Hendrikto49 days ago
> Another takeaway here, as always, is not to trust everything LLMs say.I would go even farther and say to not trust anything they say. Always be skeptical, always verify.
- nasretdinov49 days ago
 Applies to humans as well :)
 - rplnt49 days ago
 Not at all. With human you can have some expectations based on context, expertise. They are also far less likely to make up extremely specific details.
 - nasretdinov49 days ago
 Sure. I was agreeing with the conclusion though, where you should aim to verify what you hear from other humans, no matter how confident they sound.
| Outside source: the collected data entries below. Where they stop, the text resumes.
Definition fuzzy_ideal_in (A : E -> Prop) : Prop :=
  subspace_in A /\
  forall x y a b, S x -> S y -> is_abs_in x a -> is_abs_in y b ->
    fle mu a b -> A y -> A x.

Definition fuzzy_band_in (B : E -> Prop) : Prop :=
  fuzzy_ideal_in B /\
  forall (D : E -> Prop) s, (forall d, D d -> B d) -> is_sup_in mu S D s -> B s.

Definition disj_compl_in (B : E -> Prop) : E -> Prop :=
  fun x => S x /\ forall y, B y -> perp_in x y.

Definition fuzzy_proj_band_in (B : E -> Prop) : Prop :=
  [/\ fuzzy_band_in B,
      (forall x, S x -> exists b c, [/\ B b, disj_compl_in B c & x = b + c]) &
      (forall x, B x -> disj_compl_in B x -> x = 0)].

End FuzzyRiesz.

Definition img_set (A B : Type) (f : A -> B) (P : A -> Prop) : B -> Prop :=
  fun y => exists x, P x /\ y = f x.

Definition fuzzy_riesz_hom (R : realType) (E F : lmodType R)
  (mu : E -> E -> R) (nu : F -> F -> R) (T : {linear E -> F}) : Prop :=
  forall x y s, is_sup_in mu (@fullset E) (pair x y) s ->
    is_sup_in nu (@fullset F) (pair (T x) (T y)) (T s).

From HB Require Import structures.
From mathcomp Require Import all_boot all_order all_algebra.
From mathcomp Require Import reals.
From mathcomp Require Import lra.
From Stdlib Require Import ClassicalEpsilon Classical.
Import Order.TTheory GRing.Theory Num.Theory.
Local Open Scope ring_scope.
Set Implicit Arguments. Unset Strict Implicit. Unset Printing Implicit Defensive.

(* The relation [mu x y > 1/2] of a fuzzy Riesz space is a lattice order
   compatible with the linear structure, so the usual Riesz-space calculus of
   joins, meets, absolute values and disjointness applies, and a Riesz
   homomorphism preserves all of it.  Writing E = B (+) B^d, every [T u]
   splits as [T u1 + T u2] with [T u1] in T(B) and [T u2] disjoint from T(B).
   In the Riesz subspace T(E) such a decomposition alone makes T(B) a
   projection band: if [x = b + c] is dominated in absolute value by, or is
   the supremum of, elements of T(B), then its disjoint part [c] is disjoint
   from itself, respectively satisfies [0 <= c <= 0], hence vanishes. *)

Section FuzzyRieszSpace.
Variables (R : realType) (V : lmodType R) (mu : V -> V -> R).
Hypothesis rieszV : fuzzy_riesz mu.

Local Notation "x <=f y" := (fle mu x y) (at level 70, no associativity).

Lemma fle_refl x : x <=f x.
Proof. by case: rieszV => [[[_ mu1 _ _] _ _] _]; rewrite /fle mu1; lra. Qed.

Lemma fle_trans y x z : x <=f y -> y <=f z -> x <=f z.
Proof.
case: rieszV => [[[_ _ _ mu_trans] _ _] _] xy yz.
by apply: lt_le_trans (mu_trans x y z); rewrite lt_min xy yz.
Qed.

Lemma fle_anti x y : x <=f y -> y <=f x -> x = y.
Proof.
case: rieszV => [[[_ _ mu_anti _] _ _] _]; rewrite /fle => xy yx.
by apply: mu_anti; lra.
Qed.

Lemma fle_add2r z x y : x <=f y -> x + z <=f y + z.
Proof.
by case: rieszV => [[_ muD _] _] xy; apply: lt_le_trans (muD _ _ z xy).
Qed.

Lemma fle_scale a x y : 0 < a -> x <=f y -> a *: x <=f a *: y.
Proof.
case: rieszV => [[_ _ muZ] _] a_gt0 xy.
exact: lt_le_trans (muZ _ _ a xy a_gt0).
Qed.

Lemma fle_add2rE z x y : (x + z <=f y + z) <-> (x <=f y).
Proof.
split; last exact: fle_add2r.
by move=> /(fle_add2r (- z)); rewrite !addrK.
Qed.

Lemma fle_add x y z w : x <=f y -> z <=f w -> x + z <=f y + w.
Proof.
move=> xy zw; apply: (fle_trans (fle_add2r z xy)).
by rewrite (addrC y z) (addrC y w); apply: fle_add2r.
Qed.

Lemma subr_fge0 x y : (0 <=f y - x) <-> (x <=f y).
Proof. by rewrite -(fle_add2rE x) add0r subrK. Qed.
Been burned by that a few times by blindly trusting some statements from some respected people only for it to blow up in production because they were wrong :).
 - lenkite49 days ago
 There are many humans who are far more reliable than LLM's on a 99.9999% win streak.
 - rat998849 days ago
 Yes, now generalize the theorem to any human to make it usable on a daily basis.
 - 9rx49 days ago
 That is, strangely, until those humans turn to a topic I know something about. Then their reliability drops like a hot potato. At least they get everything else right!
yosefk49 days ago
Rust HashSets are HashMaps with an empty type as the value type, but the compiler actually optimizes away the storage for the keys based on the type being empty. Go doesn't bother to either define a set type like most languages do, or to optimize the map implementation with an empty type as the value type
gethly49 days ago
Empty struct is good for representing non-nil zero-length information, for example this is ideal for many use cases where channels are involved. Or of you have a http route and you want to return empty response(200 OK or 204 No Content, instead of error).Boolean on the other hand inherently contains two information: either true or false. ie. there will always be information and it will always be one of two values.This is similar to *struct{} where we can signal no information, or false, by returning/passing nil or initiated pointer to empty struct as true/value present.For maps, bool makes more sense as otherwise we just want a list with fast access to determine whether value in the list exists or not. Which is often something we might want. But it should not detract form the fact that each type has its own place and just because new implementation for maps ignores this, in this particular use, case does not make them worse than previous version.tl;dr it is good to know this fact about the new swiss maps, but it should not have any impact on programming an design decisions whatsoever.
andunie49 days ago
So what is this article about?1. How to do sets in Go?2. What changed between Go 1.24 and 1.25?3. Trusting an LLM?4. Self-hosted compilers?It is not clear at all. Also there are no conclusions, it's purely a waste of time, basically the story of a guy figuring out for no reason that the way maps are implemented has changed in Go.And the title is about self-hosted compilers, whose "advantage" turned out to be just that the guy was able to read the code? How is that an advantage? I guess it is an advantage for him.The TypeScript compiler is also written in Go instead of in TypeScript. So this shouldn't be an advantage? But this guy likes to read Go, so it would also be an advantage to him.
- bxparks49 days ago
 I agree that the article is a bit unfocused about the supporting material. But the primary topic is clear: it's about the memory consumption of the Go map implementation.This is an article written by a real human person, who's going to meander a bit. I prefer that over an LLM article which is 100% focused, 100% confident, and 100% wrong. Let's give the human person a little bit of slack.
- gethly49 days ago
 I think it is quite obvious - the author has found out that a memory trick that used to work in previous Go versions no longer works - in this sigular use case.